-------- Listed entries --------

Lemma mu_setT : mu setT = 1.
Proof. by case: hmu => _ [_ [_ [_ [_ [_ [+ _]]]]]]. Qed.

Lemma mu_setU A C : B A -> B C -> A `&` C = set0 -> mu (A `|` C) = mu A + mu C.
Proof. by case: hmu => _ [_ [_ [_ [_ [_ [_ [+ _]]]]]]]; apply. Qed.

Lemma mu_image g A : B A -> mu (image_act g A) = mu A.
Proof. by case: hmu => _ [_ [_ [_ [_ [_ [_ [_ [+ _]]]]]]]]; apply. Qed.

Lemma mu_ext A (C : set Xm) :
  measurable C -> m.-negligible (symdiff A C) -> (mu A)%:E = m C.
Proof. by case: hmu => _ [_ [_ [_ [_ [_ [_ [_ [_ +]]]]]]]]; apply. Qed.

Lemma ext_setI A C : B A -> B C -> B (A `&` C).
Proof.
by move=> BA BC; rewrite -[A `&` C]setCK setCI; apply/ext_setC/ext_setU; exact: ext_setC.
Qed.

Lemma ext_set0 : B set0.
Proof. by rewrite -setCT; apply: ext_setC; case: hmu. Qed.

Lemma mu_set0 : mu set0 = 0.
Proof. by have := mu_setU ext_set0 ext_set0 (setI0 _); rewrite setU0; lra. Qed.

Lemma ext_bigsetU (I : Type) (s : seq I) (F : I -> set X) :
  (forall i, B (F i)) -> B (\big[setU/set0]_(i <- s) F i).
Proof. by move=> BF; elim/big_ind: _ => //; [exact: ext_set0 | exact: ext_setU]. Qed.

Lemma symdiff_negligible (A : set Xm) : m.-negligible (symdiff A A).
Proof. by apply: (negligibleS _ (negligible_set0 m)) => x [[]|[]]. Qed.

Lemma ext_measurable (A : set Xm) : measurable A -> B A.
Proof.
by move=> mA; apply: ext_m_measurable; exists A; split=> //; exact: symdiff_negligible.
Qed.

Lemma mu_measurable (A : set Xm) : measurable A -> (mu A)%:E = m A.
Proof. by move=> mA; apply: mu_ext => //; exact: symdiff_negligible. Qed.
Definition is_metric : Prop :=
  [/\ forall x y, 0 <= d x y,
      forall x y, d x y = 0 <-> x = y,
      forall x y, d x y = d y x &
      forall x y z, d x z <= d x y + d y z].

Definition geodesic (c : R -> X) (l : R) : Prop :=
  0 <= l /\ forall s t, 0 <= s <= l -> 0 <= t <= l -> d (c s) (c t) = `|s - t|.

Definition geodesic_space : Prop :=
  forall x y, exists c, [/\ geodesic c (d x y), c 0 = x & c (d x y) = y].

Definition convex_set (C : set X) : Prop :=
  forall x y (c : R -> X) (l : R), C x -> C y -> geodesic c l ->
    c 0 = x -> c l = y -> forall t, 0 <= t <= l -> C (c t).

Definition busemann_convex : Prop :=
  forall (c1 c2 : R -> X) (l1 l2 : R), geodesic c1 l1 -> geodesic c2 l2 ->
    forall t, 0 <= t <= 1 ->
      d (c1 (t * l1)) (c2 (t * l2)) <=
        (1 - t) * d (c1 0) (c2 0) + t * d (c1 l1) (c2 l2).

Definition mclosed (C : set X) : Prop :=
  forall x, (forall e : R, 0 < e -> exists y, C y /\ d x y < e) -> C x.

Definition mbounded (C : set X) : Prop :=
  exists M : R, forall x y, C x -> C y -> d x y <= M.

Definition reflexive_space : Prop :=
  forall F : set (set X), F !=set0 ->
    (forall C1 C2, F C1 -> F C2 -> C1 `<=` C2 \/ C2 `<=` C1) ->
    (forall C, F C -> [/\ C !=set0, mclosed C, convex_set C & mbounded C]) ->
    exists x, forall C, F C -> C x.

Definition dist_set (A B : set X) : R :=
  inf [set r | exists x y, [/\ A x, B y & r = d x y]].

Definition delta_pt (x : X) (A : set X) : R :=
  sup [set r | exists y, A y /\ r = d x y].

Definition delta_set (A B : set X) : R :=
  sup [set r | exists x y, [/\ A x, B y & r = d x y]].

Definition relatively_nonexpansive (A B : set X) (T : X -> X) : Prop :=
  forall x y, A x -> B y -> d (T x) (T y) <= d x y.

Definition cyclic_map (A B : set X) (T : X -> X) : Prop :=
  T @` A `<=` B /\ T @` B `<=` A.

Definition proximal_pair (H1 H2 : set X) : Prop :=
  forall a b, H1 a -> H2 b ->
    exists a' b', [/\ H1 a', H2 b', d a b' = dist_set H1 H2 &
                      d a' b = dist_set H1 H2].

Definition proximal_normal_structure (K1 K2 : set X) : Prop :=
  forall H1 H2 : set X,
    mclosed H1 -> mclosed H2 -> mbounded H1 -> mbounded H2 ->
    convex_set H1 -> convex_set H2 -> proximal_pair H1 H2 ->
    H1 `<=` K1 -> H2 `<=` K2 ->
    dist_set H1 H2 = dist_set K1 K2 ->
    dist_set H1 H2 < delta_set H1 H2 ->
    exists x1 x2, [/\ H1 x1, H2 x2, delta_pt x1 H2 < delta_set H1 H2 &
                     delta_pt x2 H1 < delta_set H1 H2].

End MetricDefs.

From HB Require Import structures.
From mathcomp Require Import all_boot all_order all_algebra.
From mathcomp Require Import all_classical all_reals.
From mathcomp Require Import lra.
Import Order.TTheory GRing.Theory Num.Theory.
Set Implicit Arguments. Unset Strict Implicit. Unset Printing Implicit Defensive.
Local Open Scope ring_scope.
Local Open Scope classical_set_scope.

(* Call (E, F) invariant when E in A and F in B are nonempty, closed, convex
   and bounded, T maps E into F and F into E, and dist(E, F) = dist(A, B).
   Reflexivity makes the intersection of a chain of invariant pairs invariant,
   so Zorn's lemma gives a minimal one (K1, K2).  By minimality every point of
   K1 has a point of K2 at distance dist(A, B) and vice versa, so the pair is
   proximal, and every closed convex set containing T(K2) contains K1.
   If delta(K1, K2) > dist(A, B), proximal normal structure yields x1, x2 with
   farthest distances below delta(K1, K2); Busemann midpoints of x1, x2 and of
   their proximal partners then give some r < delta(K1, K2) for which the
   centre sets {x in K1 | d(x, y) <= r for all y in K2} and
   {y in K2 | d(y, x) <= r for all x in K1} form an invariant pair inside
   (K1, K2); by minimality it is all of (K1, K2), forcing delta(K1, K2) <= r.
   Hence d(x, y) = dist(A, B) on K1 x K2, in particular for y = T x. *)

Section ProximalNormalStructure.
Variables (R : realType) (X : Type) (d : X -> X -> R).

Lemma segment_param (l s : R) : 0 <= s <= l -> exists2 t, 0 <= t <= 1 & s = t * l.
Proof.
move=> /andP[s0 sl]; have [l0|l0] := eqVneq l 0.
  by exists 0; rewrite ?lexx ?ler01 // mul0r; apply/le_anti; rewrite s0 andbT -l0.
have lp : 0 < l by rewrite lt_neqAle eq_sym l0 (le_trans s0 sl).
exists (s / l); last by rewrite divfK.
by rewrite divr_ge0 ?ler_pdivrMr ?mul1r ?(ltW lp).
Qed.

Lemma convex_comb_le (t a b r : R) : 0 <= t <= 1 -> a <= r -> b <= r ->
  (1 - t) * a + t * b <= r.
Proof. by move=> /andP[t0 t1] ar br; nra. Qed.

Hypothesis Hd : is_metric d.

Lemma d_ge0 x y : 0 <= d x y. Proof. by case: Hd. Qed.
Lemma dC x y : d x y = d y x. Proof. by case: Hd. Qed.
Lemma d_triangle x y z : d x z <= d x y + d y z. Proof. by case: Hd. Qed.
Lemma dxx x : d x x = 0. Proof. by case: Hd => _ H _ _; apply/H. Qed.

Lemma mclosed_ball x r : mclosed d [set y | d x y <= r].
Proof.
move=> y H; apply/ler_addgt0Pr => e e0.
have [z [/= zr dz]] := H e e0.
by have := d_triangle x z y; rewrite (dC z y); lra.
Qed.

Lemma mclosed_bigcap (I : Type) (S : set I) (P : I -> set X) :
  (forall i, S i -> mclosed d (P i)) -> mclosed d [set x | forall i, S i -> P i x].
Proof.
move=> H x Hx i Si; apply: (H i Si) => e e0.
by have [y [Py dy]] := Hx e e0; exists y; split => //; apply: Py.
Qed.

Lemma mclosedI (C1 C2 : set X) :
  mclosed d C1 -> mclosed d C2 -> mclosed d (C1 `&` C2).
Proof.
move=> h1 h2 x Hx; split; [apply: h1|apply: h2] => e e0;
  by have [y [[? ?] ?]] := Hx e e0; exists y.
Qed.

Lemma mbounded_sub (C1 C2 : set X) : C1 `<=` C2 -> mbounded d C2 -> mbounded d C1.
Proof. by move=> s [M HM]; exists M => x y /s hx /s hy; apply: HM. Qed.

Lemma dist_set_le (A B : set X) x y : A x -> B y -> dist_set d A B <= d x y.
Proof.
move=> Ax By; apply: ge_inf; last by exists x, y.
by exists 0 => r [x' [y' [_ _ ->]]]; exact: d_ge0.
Qed.

Lemma dist_setC (A B : set X) : dist_set d A B = dist_set d B A.
Proof.
congr inf; apply/seteqP; split => r [x [y [Ax By ->]]];
  by exists y, x; rewrite dC.
Qed.

Lemma dist_set_attained (E F : set X) x y : E x -> F y ->
  (forall x' y', E x' -> F y' -> d x y <= d x' y') -> dist_set d E F = d x y.
Proof.
move=> Ex Fy H; apply/le_anti; rewrite dist_set_le //=.
apply: lb_le_inf; first by exists (d x y), x, y.
by move=> r [x' [y' [Ex' Fy' ->]]]; apply: H.
Qed.

Lemma delta_pt_ub (K : set X) x y : mbounded d K -> K y -> d x y <= delta_pt d x K.
Proof.
move=> [M HM] Ky; apply: ub_le_sup; last by exists y.
exists (d x y + M) => _ [y' [Ky' ->]].
by have := d_triangle x y y'; have := HM y y' Ky Ky'; lra.
Qed.

Lemma delta_set_ub (K1 K2 : set X) x y : mbounded d K1 -> mbounded d K2 ->
  K1 x -> K2 y -> d x y <= delta_set d K1 K2.
Proof.
move=> [M1 HM1] [M2 HM2] K1x K2y; apply: ub_le_sup; last by exists x, y.
exists (M1 + d x y + M2) => _ [x' [y' [K1x' K2y' ->]]].
have := d_triangle x' x y'; have := d_triangle x y y'.
by have := HM1 x' x K1x' K1x; have := HM2 y y' K2y K2y'; lra.
Qed.

(* [near_pt x F c] and [near_set E F c] say inf_{y in F} d(x, y) <= c and
   dist(E, F) <= c without taking infima, and [near_part E F c] is the relaxed
   proximal part {x in E | d(x, F) <= c}. *)
Definition near_pt (x : X) (F : set X) (c : R) :=
  forall e, 0 < e -> exists2 y, F y & d x y <= c + e.

Definition near_set (E F : set X) (c : R) :=
  forall e, 0 < e -> exists x y, [/\ E x, F y & d x y <= c + e].

Definition near_part (E F : set X) (c : R) := [set x | E x /\ near_pt x F c].

Lemma near_setC E F c : near_set E F c -> near_set F E c.
Proof.
by move=> H e e0; have [x [y [Ex Fy dxy]]] := H e e0; exists y, x; rewrite dC.
Qed.

Lemma near_set_dist (A B : set X) : A !=set0 -> B !=set0 ->
  near_set A B (dist_set d A B).
Proof.
move=> [a Aa] [b Bb] e e0.
have [_ [x [y [Ax By ->]]] lt] :
    exists2 r, [set r | exists x y, [/\ A x, B y & r = d x y]] r &
               r < dist_set d A B + e.
  apply: inf_adherent => //; split; first by exists (d a b), a, b.
  by exists 0 => r [x [y [_ _ ->]]]; exact: d_ge0.
by exists x, y; split => //; apply: ltW.
Qed.

Lemma near_part_sub E F c : near_part E F c `<=` E.
Proof. by move=> x []. Qed.

Lemma near_partS E E' F F' (c c' : R) : E `<=` E' -> F `<=` F' -> c <= c' ->
  near_part E F c `<=` near_part E' F' c'.
Proof.
move=> sE sF cc x [Ex H]; split; first exact: sE.
move=> e e0; have [y Fy dy] := H e e0; exists y; first exact: sF.
lra.
Qed.

Lemma near_part_closed E F c : mclosed d E -> mclosed d (near_part E F c).
Proof.
move=> cE x Hx; split.
  by apply: cE => e e0; have [y [[? ?] ?]] := Hx e e0; exists y.
move=> e e0; have e20 : 0 < e / 2 by rewrite divr_gt0.
have [z [[Ez Hz] dz]] := Hx _ e20; have [y Fy dy] := Hz _ e20.
by exists y => //; have := d_triangle x z y; lra.
Qed.

Lemma near_part_image (T : X -> X) E F E' F' c :
  (forall x y, E x -> F y -> d (T x) (T y) <= d x y) ->
  T @` E `<=` E' -> T @` F `<=` F' -> T @` near_part E F c `<=` near_part E' F' c.
Proof.
move=> HT TE TF _ [x [Ex H] <-]; split; first by apply: TE; exists x.
move=> e e0; have [y Fy dy] := H e e0.
by exists (T y); [apply: TF; exists y | apply: le_trans (HT _ _ Ex Fy) dy].
Qed.

Hypothesis Hbus : busemann_convex d.

Lemma busemann_const c (l : R) x (t : R) : geodesic d c l -> 0 <= t <= 1 ->
  d (c (t * l)) x <= (1 - t) * d (c 0) x + t * d (c l) x.
Proof.
move=> gc; apply: (Hbus gc (_ : geodesic d (fun=> x) 0)).
split => // u v /andP[u0 u1] /andP[v0 v1].
have -> : u = 0 by apply/le_anti; rewrite u0 u1.
have -> : v = 0 by apply/le_anti; rewrite v0 v1.
by rewrite dxx subrr normr0.
Qed.

Lemma convex_ball x r : convex_set d [set y | d x y <= r].
Proof.
move=> y1 y2 c l b1 b2 gc c0 cl s /segment_param[t t01 ->] /=.
rewrite dC; apply: le_trans (busemann_const x gc t01) _.
by rewrite c0 cl; apply: convex_comb_le; rewrite // dC.
Qed.

Lemma convex_bigcap (I : Type) (S : set I) (P : I -> set X) :
  (forall i, S i -> convex_set d (P i)) ->
  convex_set d [set x | forall i, S i -> P i x].
Proof.
move=> H y1 y2 c l h1 h2 gc c0 cl s sl i Si.
exact: (H i Si y1 y2 c l (h1 i Si) (h2 i Si) gc c0 cl s sl).
Qed.

Lemma convexI (C1 C2 : set X) :
  convex_set d C1 -> convex_set d C2 -> convex_set d (C1 `&` C2).
Proof.
move=> H1 H2 y1 y2 c l [a1 b1] [a2 b2] gc c0 cl s sl.
split; first exact: (H1 y1 y2 c l a1 a2 gc c0 cl s sl).
exact: (H2 y1 y2 c l b1 b2 gc c0 cl s sl).
Qed.

Definition admissible (C : set X) :=
  [/\ mclosed d C, convex_set d C & mbounded d C].

Lemma admissibleI E C : admissible E -> mclosed d C -> convex_set d C ->
  admissible (E `&` C).
Proof.
move=> [cE vE bE] cC vC.
by split; [exact: mclosedI|exact: convexI|exact: mbounded_sub bE].
Qed.

Lemma admissible_bigcap (I : Type) (S : set I) (P : I -> set X) i0 : S i0 ->
  (forall i, S i -> admissible (P i)) -> admissible [set x | forall i, S i -> P i x].
Proof.
move=> Si0 H; have [_ _ b0] := H i0 Si0; split.
- by apply: mclosed_bigcap => i /H [].
- by apply: convex_bigcap => i /H [].
- by apply: mbounded_sub b0 => x /(_ i0 Si0).
Qed.

Definition center (K F : set X) (r : R) :=
  [set x | K x /\ forall y, F y -> d x y <= r].

Lemma center_sub K F r : center K F r `<=` K.
Proof. by move=> x []. Qed.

--------

Copy the records above faithfully. Begin at their first line, end at the line containing "[_ +]]]]]]]]; apply. Qed.", and include nothing else.

Lemma mu_setT : mu setT = 1.
Proof. by case: hmu => _ [_ [_ [_ [_ [_ [+ _]]]]]]. Qed.

Lemma mu_setU A C : B A -> B C -> A `&` C = set0 -> mu (A `|` C) = mu A + mu C.
Proof. by case: hmu => _ [_ [_ [_ [_ [_ [_ [+ _]]]]]]]; apply. Qed.

Lemma mu_image g A : B A -> mu (image_act g A) = mu A.
Proof. by case: hmu => _ [_ [_ [_ [_ [_ [_ [_ [+ _]]]]]]]]; apply. Qed.

Lemma mu_ext A (C : set Xm) :
  measurable C -> m.-negligible (symdiff A C) -> (mu A)%:E = m C.
Proof. by case: hmu => _ [_ [_ [_ [_ [_ [_ [_ [_ +]]]]]]]]; apply. Qed.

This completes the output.